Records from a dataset
Lemma relabel_path m d (sg0 sg1 : 'I_m -> 'I_d) :
  m = d -> injective sg0 -> injective sg1 -> exists W : UI -> 'M[C]_(m, d),
  [/\ cont_M W, forall t, unitarymx (W t),
      W (ui0 R) = rowsub sg0 1%:M & W (ui1 R) = rowsub sg1 1%:M].
Proof.
move=> md; subst d => inj0 inj1.
pose s0 := perm inj0; pose s1 := perm inj1.
have [U [cU uU U0 U1]] := unitary_path_perm (s1 * s0^-1).
exists (fun t => U t *m perm_mx s0); split.
- exact: cont_MM cU (cont_M_const _).
- by move=> t; apply: unitarymxM (uU t) (unitary_perm _).
- by rewrite U0 mul1mx; apply/matrixP => x y; rewrite !mxE permE.
- by rewrite U1 -perm_mxM mulgKV; apply/matrixP => x y; rewrite !mxE permE.
Qed.

End UnitaryPaths.

(** * Direct sums of copies *)

(* Rows and columns of a block diagonal matrix with one [p x p] block [A] for each
   element of [I] and one [q x q] block [B] for each element of [J]; that matrix is
   [copies_ker A B]. *)
Notation copies p q I J := ((I * 'I_p) + (J * 'I_q))%type.

Section Copies.
Variable K : comPzRingType.
Variables p q : nat.

Definition map_copies (I J I' J' : finType) (g : I -> I') (h : J -> J')
    (u : copies p q I J) : copies p q I' J' :=
  match u with inl (c, r) => inl (g c, r) | inr (c, s) => inr (h c, s) end.

Lemma map_copies_inj (I J I' J' : finType) (g : I -> I') (h : J -> J') :
  injective g -> injective h -> injective (map_copies g h).
Proof.
by move=> ig ih [[c r]|[c s]] [[c' r']|[c' s']] //= [] => [/ig|/ih] -> ->.
Qed.

Definition copies_tensr n (I J : finType) (uj : copies p q I J * 'I_n) :
    copies p q (I * 'I_n)%type (J * 'I_n)%type :=
  map_copies (pair^~ uj.2) (pair^~ uj.2) uj.1.

Definition copies_tensl n (I J : finType) (iu : 'I_n * copies p q I J) :
    copies p q ('I_n * I)%type ('I_n * J)%type :=
  map_copies (pair iu.1) (pair iu.1) iu.2.

Lemma copies_tensr_inj n (I J : finType) : injective (@copies_tensr n I J).
Proof. by move=> [[[c r]|[c s]] j] [[[c' r']|[c' s']] j'] //= [-> -> ->]. Qed.

Lemma copies_tensl_inj n (I J : finType) : injective (@copies_tensl n I J).
Proof. by move=> [i [[c r]|[c s]]] [i' [[c' r']|[c' s']]] //= [-> -> ->]. Qed.

Definition copies_ker (A : 'M[K]_p) (B : 'M[K]_q) (I J : finType)
    (u v : copies p q I J) : K :=
  match u, v with
  | inl (c, r), inl (c', r') => (c == c')%:R * A r r'
  | inr (c, s), inr (c', s') => (c == c')%:R * B s s'
  | _, _ => 0
  end.

Variables (A : 'M[K]_p) (B : 'M[K]_q).

Lemma copies_ker_map (I J I' J' : finType) (g : I -> I') (h : J -> J') u v :
  injective g -> injective h ->
  copies_ker A B (map_copies g h u) (map_copies g h v) = copies_ker A B u v.
Proof.
by move=> ig ih; case: u => [[c r]|[c s]]; case: v => [[c' r']|[c' s']] //=;
  rewrite ?(inj_eq ig) ?(inj_eq ih).
Qed.

Lemma copies_ker_tensr (I J : finType) n (u v : copies p q I J) (j j' : 'I_n) :
  copies_ker A B (copies_tensr (u, j)) (copies_tensr (v, j')) =
  (j == j')%:R * copies_ker A B u v.
Proof.
by case: u => [[c r]|[c s]]; case: v => [[c' r']|[c' s']] /=;
  rewrite ?mulr0 // xpair_eqE -mulnb natrM mulrA [_ * (j == j')%:R]mulrC.
Qed.

Lemma copies_ker_tensl (I J : finType) n (i i' : 'I_n) (u v : copies p q I J) :
  copies_ker A B (copies_tensl (i, u)) (copies_tensl (i', v)) =
  (i == i')%:R * copies_ker A B u v.
Proof.
by case: u => [[c r]|[c s]]; case: v => [[c' r']|[c' s']] /=;
  rewrite ?mulr0 // xpair_eqE -mulnb natrM mulrA.
Qed.

End Copies.

Definition card_bij (T T' : finType) (eT : #|T| = #|T'|) (x : T) : T' :=
  enum_val (cast_ord eT (enum_rank x)).

Lemma card_bij_inj (T T' : finType) (eT : #|T| = #|T'|) : injective (card_bij eT).
Proof. by move=> x y /enum_val_inj/cast_ord_inj/enum_rank_inj. Qed.
Arguments card_bij_inj {T T'} eT.

(** * The amplification map *)

Section PointwiseStarHom.
Variables (R : realType) (p q : nat).
Local Notation UI := (unit_interval R).
Local Notation C := R[i].
Local Notation Z := (Z_alg R p q).

Definition pointwise_star_hom d (D : Z -> UI -> 'M[C]_d) : Prop :=
  [/\ forall f g h : Z, (forall t, sval h t = sval f t + sval g t) ->
        forall t, D h t = D f t + D g t,
      forall (c : C) (f h : Z), (forall t, sval h t = c *: sval f t) ->
        forall t, D h t = c *: D f t,
      forall f g h : Z, (forall t, sval h t = sval f t *m sval g t) ->
        forall t, D h t = D f t *m D g t,
      forall f h : Z, (forall t, sval h t = adjmx (sval f t)) ->
        forall t, D h t = adjmx (D f t) &
      forall u : Z, (forall t, sval u t = 1%:M) -> forall t, D u t = 1%:M].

■ **Task statement**
Copy each line of the entries that includes the word "rewrite".

■ **Written answer**
- by rewrite U0 mul1mx; apply/matrixP => x y; rewrite !mxE permE.
- by rewrite U1 -perm_mxM mulgKV; apply/matrixP => x y; rewrite !mxE permE.
  rewrite ?(inj_eq ig) ?(inj_eq ih).
  rewrite ?mulr0 // xpair_eqE -mulnb natrM mulrA [_ * (j == j')%:R]mulrC.
  rewrite ?mulr0 // xpair_eqE -mulnb natrM mulrA.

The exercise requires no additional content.